New York has put a lot of things in motion to help it move from 29%. Electricity generation is the area where the state has the best opportunity to make big strides. The New York Public Service Commission’s Clean Energy Standard (CES), has a target of 50% of the state’s electricity coming from renewables by 2030. It seems likely the state will achieve this, as the Nuclear Energy Institute reports that New York already generates 32% of its electricity from nuclear energy, which accounts for over half of the state’s carbon-free electricity. The state is also the third-largest producer of hydroelectricity in the country (number one east of the Rockies). 

A significant percentage (30%) of New York’s non-renewable energy use comes in the form of petroleum to power its public transit system. New Yorkers use public transit at a rate of five times the rest of the country. While this means that per capita, New Yorkers consume less petroleum than the rest of the country, the transportation sector reflects this use of mass transit. New York City’s Mass Transit Authority has committed to reducing greenhouse emissions by increasing the energy efficiency of their fleet and facilities. As the MTA goes green, so will the state and its fuel use.

The state has put together a Clean Energy Dashboard where you can follow along as utility companies and businesses work together to help reach this ambitious goal. According to the dashboard, which was last updated in July 2019, New York’s consumption and production is dominated by natural gas:

While the state energy companies are each working to make the move to renewable energy, the state is counting on businesses to do the same. The state and federal government both offer incentives to businesses to implement solar and wind energy systems. Many of these systems have been shown to pay for themselves within a decade, and thanks to the state’s net metering laws, businesses can sell excess electricity generated by renewable technologies back to the power grid. DOSE would be happy to consult with you to help be a part of this exciting transformation.

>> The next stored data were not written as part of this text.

(* Let $k$ be a commutative ring over which every finitely generated projective module is free, and let $A$ be a $k$-linear semi-Hopf category with object set $X$ such that every $A_{x,y}$ is finitely generated projective. The following are equivalent: (a) $A$ is Hopf and has a non-singular right integral family; (b) $A$ has both a non-singular right integral family and a non-singular left integral family; (c) $A$ is Hopf and Frobenius; (d) $A$ is Hopf and $\int^\ell_{A,x}\cong k$ for all $x\in X$; (e) $A$ has a right non-singular left integral family, and for all $x,y\in X$ with $A_{x,y}\neq0$ the modules $A_{x,y}$ and $A_{y,y}$ have the same rank; (f) $A$ is Hopf.
   Context: $k$-linear category $A$ with object set $X$: $k$-modules $A_{x,y}$, compositions $m_{xyz}\colon A_{x,y}\otimes A_{y,z}\to A_{x,z}$ and units $j_x\colon k\to A_{x,x}$ (write $1_x=j_x(1)$), associative and unital. Semi-Hopf: each $A_{x,y}$ is a $k$-coalgebra $(\delta_{xy},\epsilon_{xy})$ with all $m_{xyz},j_x$ coalgebra morphisms. Hopf: $k$-linear $s_{xy}\colon A_{x,y}\to A_{y,x}$ with $a_{(1)}s_{xy}(a_{(2)})=\epsilon_{xy}(a)1_x$ and $s_{xy}(a_{(1)})a_{(2)}=\epsilon_{xy}(a)1_y$ for $a\in A_{x,y}$. $A^*_{x,y}=\mathrm{Hom}_k(A_{x,y},k)$. Left integral family: elements $t^{xy}\in A_{x,y}$ with $a\,t^{xy}=\epsilon_{zx}(a)t^{zy}$ for all $z$ and $a\in A_{z,x}$; right integral family: $t^{xy}\,a=\epsilon_{yz}(a)t^{xz}$ for all $z$, $a\in A_{y,z}$. For such $t$: $p_{xy}(f)=f(t^{xy}_{(1)})\,t^{xy}_{(2)}$ and $q_{xy}(f)=t^{xy}_{(1)}\,f(t^{xy}_{(2)})$ for $f\in A^*_{x,y}$. $t$ is left non-singular if each $p_{xx}$ is a split epimorphism, right non-singular if each $q_{xx}$ is, non-singular if both. Casimir family: $e^{xy}\in A_{x,y}\otimes A_{y,x}$ with $(m_{zxy}\otimes1)(a\otimes e^{xy})=(1\otimes m_{yzx})(e^{zy}\otimes a)$ for all $x,y,z$, $a\in A_{z,x}$. Frobenius system: Casimir family $e$ plus linear $\nu_x\colon A_{x,x}\to k$ with $(\nu_x\otimes1)(e^{xx})=1_x=(1\otimes\nu_x)(e^{xx})$; $A$ is Frobenius if it admits one. $\int^\ell_{A,z}$ is the $k$-module of families $(t_y)_{y\in X}$, $t_y\in A_{y,z}$, with $a\,t_y=\epsilon_{xy}(a)t_x$ for all $x,y$ and $a\in A_{x,y}$. *)

From HB Require Import structures.
From mathcomp Require Import all_boot all_order all_algebra.
Set Implicit Arguments. Unset Strict Implicit. Unset Printing Implicit Defensive.
Import GRing.Theory.
Local Open Scope ring_scope.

The use of a battery energy storage system (BESS) can prove to be quite beneficial as part of utilizing or distributing renewable energy such as from wind or solar systems. The BESS mainly consists of several batteries and rectifiers/inverters along with transformers and protective circuit devices. Batteries can be configured in modules of up to several megawatts, to be used in a variety of applications.

When energy is generated by wind or solar systems, it can be used many ways such as direct delivery to the load for consumption, delivery to the utility grid, delivery to an onsite storage system or a combination thereof. Clearly the latter presents a number of advantages as excess energy generated by the renewable system at times when winds are strong, the sun is bright, or power demand is low can be stored for later use, such as for moments when air flow is weak, at night time, or when power demand rises above average (usually at night time for residential properties). 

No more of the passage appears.